Information given:

(* Let $X$ be a compact metric countable space and $f:X\to X$ a continuous function such that $(X,f)$ is transitive. If there is $m\in\mathbb N$ such that $|\omega_f(x)|\le m$ for every accumulation point $x$ of $X$, then the Ellis semigroup $E(X,f)$ is countable.
   Context: $(X,f)$ is transitive if some point has dense orbit $\{f^n(x):n\in\mathbb N\}$. The Ellis semigroup $E(X,f)$ is the closure of $\{f^n:n\in\mathbb N\}$ in $X^X$ with the product (pointwise) topology. The $\omega$-limit set $\omega_f(x)$ is the set of $y$ with $f^{n_k}(x)\to y$ for some strictly increasing sequence $(n_k)$. An accumulation point is a non-isolated point. *)

From HB Require Import structures.
From mathcomp Require Import all_boot all_order all_algebra.
From mathcomp Require Import all_classical all_reals all_analysis.
Set Implicit Arguments. Unset Strict Implicit. Unset Printing Implicit Defensive.
Import Order.TTheory GRing.Theory Num.Theory.
Local Open Scope classical_set_scope.

Definition orbit_of {X : Type} (f : X -> X) (x : X) : set X :=
  range (fun n : nat => iter n f x).

Definition transitive_sys {X : topologicalType} (f : X -> X) : Prop :=
  exists x : X, closure (orbit_of f x) = [set: X].

Definition omega_limit {X : topologicalType} (f : X -> X) (x : X) : set X :=
  [set y | exists n : nat -> nat,
     {homo n : a b / (a < b)%N} /\ ((fun k => iter (n k) f x) @ \oo --> y)].

Definition ellis_semigroup {X : topologicalType} (f : X -> X) : set {ptws X -> X} :=
  closure (range (fun n : nat => (iter n f : {ptws X -> X}))).

From HB Require Import structures.
From mathcomp Require Import all_boot all_order all_algebra.
From mathcomp Require Import all_classical all_reals all_analysis.
Import Order.TTheory GRing.Theory Num.Theory.
Local Open Scope classical_set_scope.
Local Open Scope card_scope.

(* Let L = m!.  At an accumulation point x the omega-limit set is finite,
   f-invariant and has at most m points, so f^L is idempotent on it; hence the
   sequence k |-> f^(kL+r)(x) has a cluster point fixed by f^L, and as its
   cluster points are isolated in the finite set omega(x), it converges.
   An element p of E(X,f) which is not a power of f is a limit of powers f^n
   with n -> oo, some residue r modulo L occurring arbitrarily late; this forces
   p(x) = lim_k f^(kL+r)(x) at every accumulation point x.  The isolated points
   lie on the dense orbit of a transitive point x0 and p commutes with f, so
   there p is determined by p(x0).  Thus E(X,f) is covered by the powers of f
   and by at most one element for each pair (p(x0), r) in the countable set
   X * nat. *)

Section iterates_in_small_invariant_set.
Context {T : Type} (f : T -> T) (S : set T) (m : nat).
Hypotheses (Sm : S #<= `I_m) (fS : forall s, S s -> S (f s)).

Lemma invariant_iter_collision c : S c ->
  exists i j, i < j <= m /\ iter i f c = iter j f c.
Proof.
move=> Sc; apply: contrapT => noc.
have Sfc : (fun i => iter i f c) @` `I_m.+1 `<=` S.
  by move=> _ [i _ <-]; elim: i => //= i; exact: fS.
have injfc : {in `I_m.+1 &, injective (fun i => iter i f c)}.
  move=> i j; rewrite !inE /= => im jm fij; apply: contrapT => /eqP.
  rewrite neq_ltn => /orP[ij | ji]; apply: noc; [exists i, j | exists j, i].
    by rewrite ij -ltnS.
  by rewrite ji -ltnS.
have : `I_m.+1 #<= `I_m.
  rewrite -(card_le_eql (inj_card_eq injfc)).
  exact: card_le_trans (subset_card_le Sfc) Sm.
by rewrite card_le_II ltnn.
Qed.

Lemma iter_fact_idempotent c : S c -> iter (m`! + m`!) f c = iter m`! f c.
Proof.
move=> Sc; have [i [j [/andP[ij jm] fij]]] := invariant_iter_collision c Sc.
have period t : i <= t -> iter (t + (j - i)) f c = iter t f c.
  by move=> it; rewrite -(subnK it) -addnA subnKC 1?ltnW // !iterD fij.
have periods t k : i <= t -> iter (t + k * (j - i)) f c = iter t f c.
  move=> it; elim: k => [|k IHk]; first by rewrite addn0.
  by rewrite mulSn (addnC (j - i)) addnA period ?IHk // (leq_trans it) ?leq_addr.
have dvd_fact : j - i %| m`!.
  by rewrite dvdn_fact // subn_gt0 ij (leq_trans (leq_subr _ _)).
rewrite -{2}(divnK dvd_fact) periods //.
by rewrite (leq_trans (ltnW ij)) // (leq_trans jm) // fact_geq.
Qed.

End iterates_in_small_invariant_set.

Section cluster_seq.
Context {T : topologicalType}.
Implicit Types (u : nat -> T) (phi : nat -> nat).

Lemma cluster_seq_frequently {u y V} :
  cluster (u @ \oo) y -> nbhs y V -> forall N, exists2 k, N <= k & V (u k).
Proof.
move=> yu Vy N; have uN : (u @ \oo) (u @` [set k | N <= k]).
  by exists N => // k Nk; exists k.
by have [_ [[k Nk <-] Vuk]] := yu _ _ uN Vy; exists k.
Qed.

Lemma cluster_subseq u phi :
  phi @ \oo --> \oo -> cluster ((u \o phi) @ \oo) `<=` cluster (u @ \oo).
Proof. by move=> phioo; exact: (cvg_cluster (cvg_app u phioo)). Qed.

Lemma compact_cluster_seq u : compact [set: T] -> exists y, cluster (u @ \oo) y.
Proof. by move=> /(_ (u @ \oo) _ filterT) [y [_ yu]]; exists y. Qed.

Lemma frequently_cluster_closure u (A : set T) :
  compact [set: T] -> (forall N, exists2 k, N <= k & A (u k)) ->
  exists z, cluster (u @ \oo) z /\ closure A z.
Proof.
move=> cT uA.
have [phi phiP] : {phi & forall N, N <= phi N /\ A (u (phi N))}.
  apply: (@choice _ _ (fun N k => N <= k /\ A (u k))) => N.
  by have [k ? ?] := uA N; exists k.
have [z zu] := compact_cluster_seq (u \o phi) cT.
exists z; split.
  apply: cluster_subseq zu => B [N _ NB]; exists N => // k /= Nk.
  exact/NB/(leq_trans Nk (phiP k).1).
by move: zu; rewrite clusterE; apply; exists 0 => // k _; exact: (phiP k).2.
Qed.

Lemma cluster_recurrence (g : T -> T) u y :
  continuous g -> (forall k, u k.+1 = g (u k)) ->
  cluster (u @ \oo) y -> cluster (u @ \oo) (g y).
Proof.
move=> cg ug yu; apply: (@cluster_subseq _ S (cvg_addnl 1)).
move=> A B uA gyB.
have uA' : \forall k \near \oo, A (g (u k)).
  by move: uA; rewrite /fmap /=; apply: filterS => k; rewrite /= ug.
by have [z [Az Bz]] := yu (g @^-1` A) _ uA' (cg y B gyB); exists (g z).
Qed.

End cluster_seq.

Lemma finite_isolating_nbhs {T : topologicalType} (S : set T) (y : T) :
  accessible_space T -> finite_set S -> exists2 W, nbhs y W & S `&` W `<=` [set y].
Proof.
move=> aT fS; have cS : closed (S `\ y).
  by apply: (accessible_finite_set_closed.1 aT); exact: finite_setD.
exists (~` (S `\ y)).
  by apply: open_nbhs_nbhs; split; [rewrite openC | move=> [_]; apply].
by move=> z [Sz Wz]; apply: contrapT => zy; apply: Wz.
Qed.

Lemma cvg_recurrence_fixed_cluster {T : topologicalType} (g : T -> T)
    (u : nat -> T) (S : set T) (y : T) :
  hausdorff_space T -> compact [set: T] -> continuous g ->
  (forall k, u k.+1 = g (u k)) -> finite_set S -> cluster (u @ \oo) `<=` S ->
  cluster (u @ \oo) y -> g y = y -> u @ \oo --> y.
Proof.
move=> hT cT cg ug fS uS yu gy D Dy; apply: contrapT => uD.
have [W Wy SWy] := @finite_isolating_nbhs _ S y (hausdorff_accessible hT) fS.
have [B By BWD] := compact_regular hT cT filterT (filterI Wy Dy).
pose V := (B `&` g @^-1` B)°.
have Vy : nbhs y V.
  by apply/nbhs_interior/filterI => //; apply: cg; rewrite gy.
(* As [g] maps [V] into [B], once in [V] the sequence can only leave [B]
   through [B `\` V]. *)
have uBV : forall N, exists2 k, N <= k & (B `\` V) (u k).
  move=> N; apply: contrapT => noBV.
  have [k1 Nk1 Vk1] := cluster_seq_frequently yu Vy N.
  have stayV : forall k, k1 <= k -> V (u k).
    elim=> [|k IHk]; first by rewrite leqn0 => /eqP <-.
    rewrite leq_eqVlt => /orP[/eqP <- //| k1k]; apply: contrapT => notV.
    apply: noBV; exists k.+1; first exact: leq_trans Nk1 (ltnW k1k).
    split => //; rewrite ug.
    by have [_ +] := interior_subset (IHk k1k).
  apply: uD; exists k1 => // k /= k1k.
  have [+ _] := interior_subset (stayV k k1k).
  by move=> /subset_closure /BWD [].
have [z [zu BVz]] := frequently_cluster_closure u _ cT uBV.
have zy : z = y.
  apply: SWy; split; first exact: uS.
  by apply: (BWD z (closureS _ BVz)).1 => w [].
by move: Vy; rewrite -zy => /BVz [w [[_ nVw] Vw]].
Qed.

Lemma nbhs_ptws_eval {U : eqType} {V : topologicalType} {p : {ptws U -> V}} {x A} :
  nbhs (p x) A -> nbhs p [set q : {ptws U -> V} | A (q x)].
Proof. exact: proj_continuous. Qed.

Lemma hausdorff_disjoint_nbhs {T : topologicalType} {a b : T} :
  hausdorff_space T -> a <> b ->
  exists2 A, nbhs a A & exists2 B, nbhs b B & A `&` B `<=` set0.
Proof.
move=> hT ab; apply: contrapT => nAB; apply/ab/hT => A B Aa Bb.
apply: contrapT => AB0; apply: nAB; exists A => //; exists B => // z ABz.
by apply: AB0; exists z.
Qed.

Lemma nonlimit_point_in_orbit {T : topologicalType} (f : T -> T) {x0 x} :
  closure (orbit_of f x0) = [set: T] -> ~ limit_point [set: T] x ->
  exists k, x = iter k f x0.
Proof.
move=> x0_dense /existsNP [U] /not_implyP [Ux] /forallNP Ux1.
have /(_ U Ux) [_ [[k _ <-] Uk]] : closure (orbit_of f x0) x by rewrite x0_dense.
exists k; apply: contrapT => kx; apply: (Ux1 (iter k f x0)); split => //.
exact/eqP/nesym.
Qed.

Lemma continuous_iter {T : topologicalType} {f : T -> T} :
  continuous f -> forall n, continuous (iter n f).
Proof.
move=> cf; elim => [|n IHn] x /=; first exact: cvg_id.
exact: continuous_comp (IHn x) (cf _).
Qed.

Lemma omega_limit_invariant {T : topologicalType} (f : T -> T) x z :
  continuous f -> omega_limit f x z -> omega_limit f x (f z).
Proof.
move=> cf [n [ninc nz]]; exists (fun k => (n k).+1); split.
  by move=> a b ab; rewrite ltnS ninc.
exact: continuous_cvg _ (cf z) nz.
Qed.

Lemma cluster_cvg_subseq {R : realType} {X : pseudoMetricType R} (u : nat -> X) z :
  cluster (u @ \oo) z ->
  exists2 phi : nat -> nat, {homo phi : a b / a < b} & (u \o phi) @ \oo --> z.
Proof.
move=> zu.
have [pick pickP] : {pick : nat * nat -> nat & forall jN,
    jN.2 <= pick jN /\ ball z jN.1.+1%:R^-1 (u (pick jN))}.
  apply: (@choice _ _ (fun jN k => jN.2 <= k /\ ball z jN.1.+1%:R^-1 (u k))).
  move=> [j N]; have zj : nbhs z (ball z j.+1%:R^-1).
    by apply: nbhsx_ballx; rewrite invr_gt0 ltr0n.
  by have [k Nk zk] := cluster_seq_frequently zu zj N; exists k.
pose phi := fix phi j := pick (j, if j is j'.+1 then (phi j').+1 else 0).
have phiz j : ball z j.+1%:R^-1 (u (phi j)) by case: j => [|j]; exact: (pickP (_, _)).2.
exists phi.
  by apply: homo_ltn => [? ? ?|j]; [exact: ltn_trans | exact: (pickP (j.+1, _)).1].
apply/cvg_ballP => e e0; have [J _ Je] := near_infty_natSinv_lt (PosNum e0).
by exists J => // j /= Jj; apply: le_ball (phiz j); exact/ltW/Je.
Qed.

Lemma cluster_iter_omega_limit {R : realType} {X : pseudoMetricType R}
    (f : X -> X) x L r :
  0 < L -> cluster ((fun k => iter (k * L + r) f x) @ \oo) `<=` omega_limit f x.
Proof.
move=> L0 z /cluster_cvg_subseq [phi phiinc phiz].
exists (fun k => phi k * L + r); split => //.
by move=> a b ab; rewrite ltn_add2r ltn_pmul2r // phiinc.
Qed.

Lemma iter_residue_cvg {R : realType} {X : pseudoMetricType R} (f : X -> X) m x r :
  hausdorff_space X -> compact [set: X] -> continuous f -> omega_limit f x #<= `I_m ->
  exists y : X, (fun k => iter (k * m`! + r) f x) @ \oo --> y.
Proof.
move=> hX cX cf om; pose u : nat -> X := fun k => iter (k * m`! + r) f x.
have cfm : continuous (iter m`! f) := continuous_iter cf m`!.
have uS k : u k.+1 = iter m`! f (u k) by rewrite /u mulSn -addnA iterD.
have uom : cluster (u @ \oo) `<=` omega_limit f x.
  exact: cluster_iter_omega_limit (fact_gt0 m).
have [y0 y0u] := compact_cluster_seq u cX.
exists (iter m`! f y0).
apply: (cvg_recurrence_fixed_cluster _ _ _ _ hX cX cfm uS _ uom).
- exact: card_le_finite om (finite_II m).
- exact: cluster_recurrence cfm uS y0u.
- rewrite -iterD; apply: iter_fact_idempotent om _ _ (uom _ y0u).
  by move=> s; exact: omega_limit_invariant.
Qed.

Section ellis_semigroup.
Context {X : topologicalType} (f : X -> X).
Hypothesis hX : hausdorff_space X.
Lemma exists_max_avoiding I S : is_ideal I -> avoids I S ->
  exists P, [/\ is_ideal P, I `<=` P, avoids P S &
     forall J, is_ideal J -> P `<=` J -> avoids J S -> J = P].
Proof.
move=> II IS; pose good P := [/\ is_ideal P, I `<=` P & avoids P S].
(* [Zorn_bigcup] needs the union of the empty chain, [set0], to be admissible. *)
have [F Fgood Ftot|A [Agood Amax]] := @Zorn_bigcup R (fun P => P = set0 \/ good P).
  have goodF P x : F P -> P x -> good P.
    by move=> FP Px; case: (Fgood P FP) => // P0; rewrite P0 in Px.
  have [[P0 [x0 [FP0 P0x0]]]|none] := EM (exists P x, F P /\ P x); last first.
    left; apply/seteqP; split=> // x [P FP Px].
    by exfalso; apply: none; exists P, x.
  right; have [IP0 IP0s _] := goodF _ _ FP0 P0x0; split.
  - split; first by exists P0 => //; exact: ideal0.
    split=> [x y [P1 FP1 P1x] [P2 FP2 P2y]|r x [P1 FP1 P1x]].
      have [IP1 _ _] := goodF _ _ FP1 P1x; have [IP2 _ _] := goodF _ _ FP2 P2y.
      case: (Ftot _ _ FP1 FP2) => [s12|s21].
        by exists P2 => //; apply: idealD => //; exact: s12.
      by exists P1 => //; apply: idealD => //; exact: s21.
    have [IP1 _ _] := goodF _ _ FP1 P1x.
    by exists P1 => //; exact: idealMl.
  - by move=> x Ix; exists P0 => //; exact: IP0s.
  - by move=> x [P1 FP1 P1x]; have [_ _] := goodF _ _ FP1 P1x; apply.
have [IA IsA AS] : good A.
  case: Agood => // A0; exfalso; apply: (Amax I); last by right; split.
  by rewrite A0; split=> [x []|/(_ 0 (ideal0 II))].
exists A; split=> // J IJ AJ JS; apply: contrapT => JA.
apply: (Amax J); last by right; split=> //; exact: subset_trans AJ.
by split=> // AJ'; apply: JA; apply/seteqP.
Qed.

Lemma exists_maximal_ideal I : is_ideal I -> ~ I 1 ->
  exists2 m, maximal_ideal m & I `<=` m.
Proof.
move=> II I1.
have [|P [IP IsP P1 Pmax]] := exists_max_avoiding (S := [set 1]) II.
  by move=> x Ix /= x1; apply: I1; rewrite -x1.
exists P => //; split=> //; split=> [P1'|J IJ PJ]; first exact: (P1 _ P1').
have [J1|J1] := EM (J 1); [by right|left].
by apply: Pmax => // x Jx x1; apply: J1; rewrite -x1.
Qed.

Lemma exists_maximal : exists m, maximal_ideal m.
Proof.
have I0 : is_ideal [set 0 : R].
  by split=> //; split=> [x y /= -> ->|r x /= ->]; rewrite ?addr0 ?mulr0.
have [|m Mm _] := exists_maximal_ideal I0; last by exists m.
by move=> /= /eqP; rewrite oner_eq0.
Qed.

Lemma exists_prime_avoiding I S : mult_closed S -> is_ideal I -> avoids I S ->
  exists P, [/\ prime_ideal P, I `<=` P & avoids P S].
Proof.
move=> Smul II IS; have [P [IP IsP PS Pmax]] := exists_max_avoiding II IS.
by exists P; split=> //; exact: prime_of_max_avoiding Smul IP PS Pmax.
Qed.

Lemma max_ideal m : maximal_ideal m -> is_ideal m.
Proof. by case. Qed.

Lemma max_not1 m : maximal_ideal m -> ~ m 1.
Proof. by case=> _ []. Qed.

Lemma maximal_prime m : maximal_ideal m -> prime_ideal m.
Proof.
case=> Im [m1 mmax]; apply: (prime_of_max_avoiding (S := [set 1])) => //.
- by split=> // a b /= -> ->; rewrite mulr1.
- by move=> x mx /= x1; apply: m1; rewrite -x1.
move=> J IJ mJ J1; have [//|] := mmax J IJ mJ.
by move=> /J1 /(_ erefl) [].
Qed.

Lemma max_notM m a b : maximal_ideal m -> ~ m a -> ~ m b -> ~ m (a * b).
Proof. by move=> /maximal_prime[_ [_ mprime]] na nb /mprime[]. Qed.

Lemma max_prod_notin m (I : Type) (s : seq I) (Q : pred I) (f : I -> R) :
  maximal_ideal m -> (forall i, Q i -> ~ m (f i)) -> ~ m (\prod_(i <- s | Q i) f i).
Proof.
move=> Mm fm; apply: (big_ind (fun a => ~ m a)) => // [|a b]; [exact: max_not1|exact: max_notM].
Qed.

Lemma max_neq0 m a : maximal_ideal m -> ~ m a -> a != 0.
Proof. by move=> /max_ideal/ideal0 m0 na; apply/eqP => a0; rewrite a0 in na. Qed.

Lemma prod_fset_set_factor (T : choiceType) (A : set T) (f : T -> R) t :
  finite_set A -> A t -> exists q, \prod_(u <- fset_set A) f u = f t * q.
Proof. by move=> fA At; rewrite (big_rem t) ?in_fset_set //; [eexists|exact: mem_set]. Qed.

About this task: Which of the lines above contain "mulSn"? Return them all.

Written response:
  by rewrite mulSn (addnC (j - i)) addnA period ?IHk // (leq_trans it) ?leq_addr.
have uS k : u k.+1 = iter m`! f (u k) by rewrite /u mulSn -addnA iterD.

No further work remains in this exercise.